Summary
This 8-K filing from NIKE, Inc. details the company's performance for the fiscal third quarter of 2004, ending February 29, 2004. The report highlights strong revenue and earnings growth, with revenues increasing 21% and diluted earnings per share (EPS) growing by 57% compared to the prior year. The company benefited from favorable currency movements, the acquisition of Converse, and improved performance across its key international regions, particularly Europe and Asia. The U.S. market also showed signs of strengthening, with all three product business units posting revenue growth. Key drivers of this performance include expanded gross margins, which reached 42.1%, up 140 basis points year-over-year, attributed to factors like higher margins from Nike Retail, improved supply chain cost management, and a reduction in customer claims. The company also emphasized its strong balance sheet, with improved inventory and accounts receivable management leading to robust cash flow generation and a return on invested capital of 21%. Looking ahead, Nike projected continued revenue growth and margin expansion, driven by strategic investments in marketing for upcoming global sporting events and ongoing efforts to optimize its supply chain and diversify its brand portfolio.
Key Highlights
- 1Third quarter revenues grew 21% year-over-year, reaching $2.4 billion.
- 2Diluted earnings per share (EPS) surged 57% to $0.67 compared to the prior year's third quarter.
- 3International regions, particularly Europe and Asia, were strong growth drivers, with Europe seeing 36% revenue growth.

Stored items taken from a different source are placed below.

(* Let $\mathcal{X},\mathcal{Y}$ be finite sets, $P_{XY}$ a distribution on $\mathcal{X}\times\mathcal{Y}$, and $\mu\ge0$. Then $$\lim_{\delta\to0}R_\mu(\delta\mid P_{XY})=R_\mu(P_{XY}).$$
   Context: For $\delta\ge0$, $\mathcal{R}^*_{\mathtt{WAK}}(\delta\mid P_{XY})$ is the set of pairs $(r_0,r_2)$ for which there exists a conditional distribution $P_{W|XY}$ with finite $\mathcal{W}$, $|\mathcal{W}|\le|\mathcal{X}||\mathcal{Y}|+2$, such that, for $(W,X,Y)\sim P_{XY}P_{W|XY}$, $r_0\ge I(W\wedge X,Y)$, $r_2\ge H(Y\mid W)$ and $\delta\ge I(W\wedge Y\mid X)$. For $\mu\ge0$, $R_\mu(\delta\mid P_{XY}):=\min\{r_0+\mu r_2:(r_0,r_2)\in\mathcal{R}^*_{\mathtt{WAK}}(\delta\mid P_{XY})\}$, and $R_\mu(P_{XY}):=R_\mu(0\mid P_{XY})$. *)

From HB Require Import structures.
From mathcomp Require Import all_boot all_order all_algebra.
From mathcomp Require Import all_classical all_reals all_analysis.
Set Implicit Arguments. Unset Strict Implicit. Unset Printing Implicit Defensive.
Import Order.TTheory GRing.Theory Num.Theory.
Local Open Scope ring_scope.
Local Open Scope classical_set_scope.

Section Defs.
Context {R : realType}.

Definition is_dist {T : finType} (p : T -> R) : Prop :=
  (forall t, 0 <= p t) /\ \sum_(t : T) p t = 1.

Definition ent {T : finType} (p : T -> R) : R :=
  - \sum_(t : T) (if p t == 0 then 0 else p t * ln (p t)).

Context {X Y : finType}.

(* (W,X,Y) ~ P_XY P_{W|XY}, with K xy w = P_{W|XY}(w | x y) *)
Section Joint.
Variables (W : finType) (P : X * Y -> R) (K : X * Y -> W -> R).

Definition H_WXY := ent (fun t : W * (X * Y) => P t.2 * K t.2 t.1).
Definition H_W := ent (fun w : W => \sum_(xy : X * Y) P xy * K xy w).
Definition H_XY := ent P.
Definition H_X := ent (fun x : X => \sum_(y : Y) P (x, y)).
Definition H_WY :=
  ent (fun t : W * Y => \sum_(x : X) P (x, t.2) * K (x, t.2) t.1).
Definition H_WX :=
  ent (fun t : W * X => \sum_(y : Y) P (t.2, y) * K (t.2, y) t.1).

Definition MI_W_XY := H_W + H_XY - H_WXY.
Definition CH_Y_W := H_WY - H_W.
Definition CMI_W_Y_X := H_WX + H_XY - H_WXY - H_X.
End Joint.

Definition WAK_region (P : X * Y -> R) (delta : R) : set (R * R) :=
  [set r | exists (W : finType) (K : X * Y -> W -> R),
     [/\ (#|W| <= #|X| * #|Y| + 2)%N,
         (forall xy, is_dist (K xy)),
         MI_W_XY P K <= r.1,
         CH_Y_W P K <= r.2 &
         CMI_W_Y_X P K <= delta]].

Definition R_mu (P : X * Y -> R) (mu delta : R) : R :=
  inf [set r.1 + mu * r.2 | r in WAK_region P delta].

End Defs.

From HB Require Import structures.
From mathcomp Require Import all_boot all_order all_algebra.
From mathcomp Require Import all_classical all_reals all_analysis.
From mathcomp Require Import lra.
Import Order.TTheory GRing.Theory Num.Theory.
Import numFieldNormedType.Exports.
Local Open Scope ring_scope.
Local Open Scope classical_set_scope.

(* Padding a kernel P_{W|XY} with symbols of probability zero changes none of
   the information quantities, so every alphabet with |W| <= |X||Y| + 2 may be
   replaced by W = 'I_(|X||Y| + 2).  Then R_mu(delta) is the infimum of the
   continuous objective I(W /\ X,Y) + mu H(Y|W) over the compact set of
   stochastic matrices under the continuous constraint I(W /\ Y|X) <= delta
   (continuity of the entropy comes down to that of x ln x at 0).  Such a value
   function is right-continuous at 0: if f >= m where g <= 0, then g has a
   positive minimum d on the compact set where f <= m - e, so f > m - e
   wherever g < d. *)


Section real_lemmas.
Context {R : realType}.

Lemma inf_coinitial (A B : set R) :
  A `<=` B -> (forall b, B b -> exists2 a, A a & a <= b) -> inf A = inf B.
Proof.
move=> AB coAB; have [A0|/set0P [a0 Aa0]] := eqVneq A set0.
  suff -> : B = set0 by rewrite A0.
  by apply/seteqP; split=> // b /coAB [a]; rewrite A0.
have [lbA|nlbA] := pselect (has_lbound A); last first.
  rewrite !inf_out //; first by case=> _ [x lbB]; apply: nlbA; exists x => a /AB /lbB.
  by case.
have lbB : has_lbound B.
  by case: lbA => x lbA; exists x => b /coAB [a /lbA xa ab]; exact: le_trans ab.
apply/eqP; rewrite eq_le; apply/andP; split.
  apply: lb_le_inf; first by exists a0; exact: AB.
  by move=> b /coAB [a Aa ab]; apply: le_trans ab; exact: ge_inf.
apply: lb_le_inf; first by exists a0.
by move=> a /AB; exact: ge_inf.
Qed.

Lemma xlnx_le_sqrt (t : R) : t <= 1 -> `|t * ln t| <= 2 * Num.sqrt t.
Proof.
move=> t1; have [t0|t0] := lerP t 0.
  by rewrite ln0 // mulr0 normr0 mulr_ge0 // sqrtr_ge0.
set s := Num.sqrt t; have s0 : 0 < s by rewrite sqrtr_gt0.
have ts : t = s * s by rewrite -expr2 sqr_sqrtr // ltW.
have lnt0 : t * ln t <= 0 by rewrite mulr_ge0_le0 ?ln_le0 // ltW.
(* [ln x < x] at [x = 1/s] gives [- ln s < 1/s] *)
have : ln s^-1 < s^-1 by rewrite ln_sublinear // invr_gt0.
rewrite lnV ?posrE // => lns.
have : s * - ln s < 1 by rewrite -(mulfV (lt0r_neq0 s0)) ltr_pM2l.
rewrite ler0_norm // ts lnM ?posrE //; nra.
Qed.

Lemma continuous_xlnx : continuous (fun x : R => x * ln x).
Proof.
move=> x; have [x0|x0|->] := ltgtP x 0.
- apply: (near_cst_continuous 0); near=> y.
  by rewrite ln0 ?mulr0 //; apply: ltW; near: y; exact: lt_nbhsl.
- by apply: cvgM; [exact: cvg_id | exact: continuous_ln].
- rewrite /continuous_at mul0r.
  have sqrt0 : 2 * Num.sqrt y @[y --> (0 : R)] --> (0 : R).
    have : {for 0, continuous (fun y : R => 2 * Num.sqrt y)}.
      by apply: continuousM; [exact: cst_continuous | exact: sqrt_continuous].
    by move=> /(_ _); rewrite sqrtr0 mulr0.
  have := cvgN sqrt0; rewrite oppr0 => /(_ _) nsqrt0.
  apply: (squeeze_cvgr _ nsqrt0 sqrt0).
  near=> y; rewrite -ler_norml xlnx_le_sqrt //.
  by near: y; apply: (cvgr_le 0 cvg_id); exact: ltr01.
Unshelve. all: by end_near.
Qed.
End real_lemmas.

Section entropy.
Context {R : realType}.

Lemma entE (T : finType) (p : T -> R) : ent p = - \sum_t p t * ln (p t).
Proof.
by congr (- _); apply: eq_bigr => t _; case: eqP => // ->; rewrite mul0r.
Qed.

Lemma continuous_ent (T : topologicalType) (Z : finType) (p : T -> Z -> R) :
  (forall z, continuous (fun t => p t z)) -> continuous (fun t => ent (p t)).
Proof.
move=> p_cont; under eq_fun do rewrite entE.
move=> t; apply: cvgN; apply: (continuous_big add_continuous) => z _ s.
apply: (@continuous_comp _ _ _ (p^~ z) (fun u => u * ln u)); first exact: p_cont.
exact: continuous_xlnx.
Qed.

Lemma ent_zero_extension {A B : finType} {h : A -> B} {p : A -> R} {q : B -> R} :
  injective h -> (forall a, q (h a) = p a) ->
  (forall b, (forall a, h a != b) -> q b = 0) -> ent q = ent p.
Proof.
move=> h_inj qh q0; congr (- _).
rewrite (partition_big h xpredT) //=; apply: eq_bigr => b _.
have [a /eqP <-|nb] := pickP (fun a => h a == b).
  by rewrite (big_pred1 a) ?qh // => a'; exact: inj_eq.
by rewrite big_pred0 // q0 ?eqxx // => a; rewrite nb.
Qed.

Lemma ent_zero_extension_fst {A B Z : finType} {h : A -> B}
    {p : A * Z -> R} {q : B * Z -> R} :
  injective h -> (forall a z, q (h a, z) = p (a, z)) ->
  (forall b z, (forall a, h a != b) -> q (b, z) = 0) -> ent q = ent p.
Proof.
move=> h_inj qh q0; apply: (@ent_zero_extension _ _ (fun t : A * Z => (h t.1, t.2))).
- by move=> [a z] [a' z'] [/h_inj -> ->].
- by move=> [a z]; exact: qh.
move=> [b z] nb; apply: q0 => a; apply: contra (nb (a, z)) => /eqP ->.
exact: eqxx.
Qed.
End entropy.

Section pointwise_evaluation.
Context {R : realType} (I : eqType).

Lemma continuous_eval (i : I) : continuous (fun k : {ptws I -> R} => k i).
Proof. exact: (@proj_continuous _ (fun _ => R)). Qed.

Lemma continuous_scaled_eval (c : R) (i : I) :
  continuous (fun k : {ptws I -> R} => c * k i).
Proof.
move=> k; apply: (continuous_comp (continuous_eval i k)).
exact: mulrl_continuous.
Qed.
End pointwise_evaluation.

- 4Consolidated gross margin improved by 140 basis points to 42.1%, aided by favorable currency movements and retail performance.
- 5The U.S. market showed renewed strength, with all product business units reporting revenue growth for the first time in seven quarters.
- 6The company successfully integrated the Converse acquisition, contributing to 'Other Businesses' revenue growth of 68%.
- 7Nike projected continued revenue growth and expects margin expansion in the fourth quarter and into fiscal year 2005.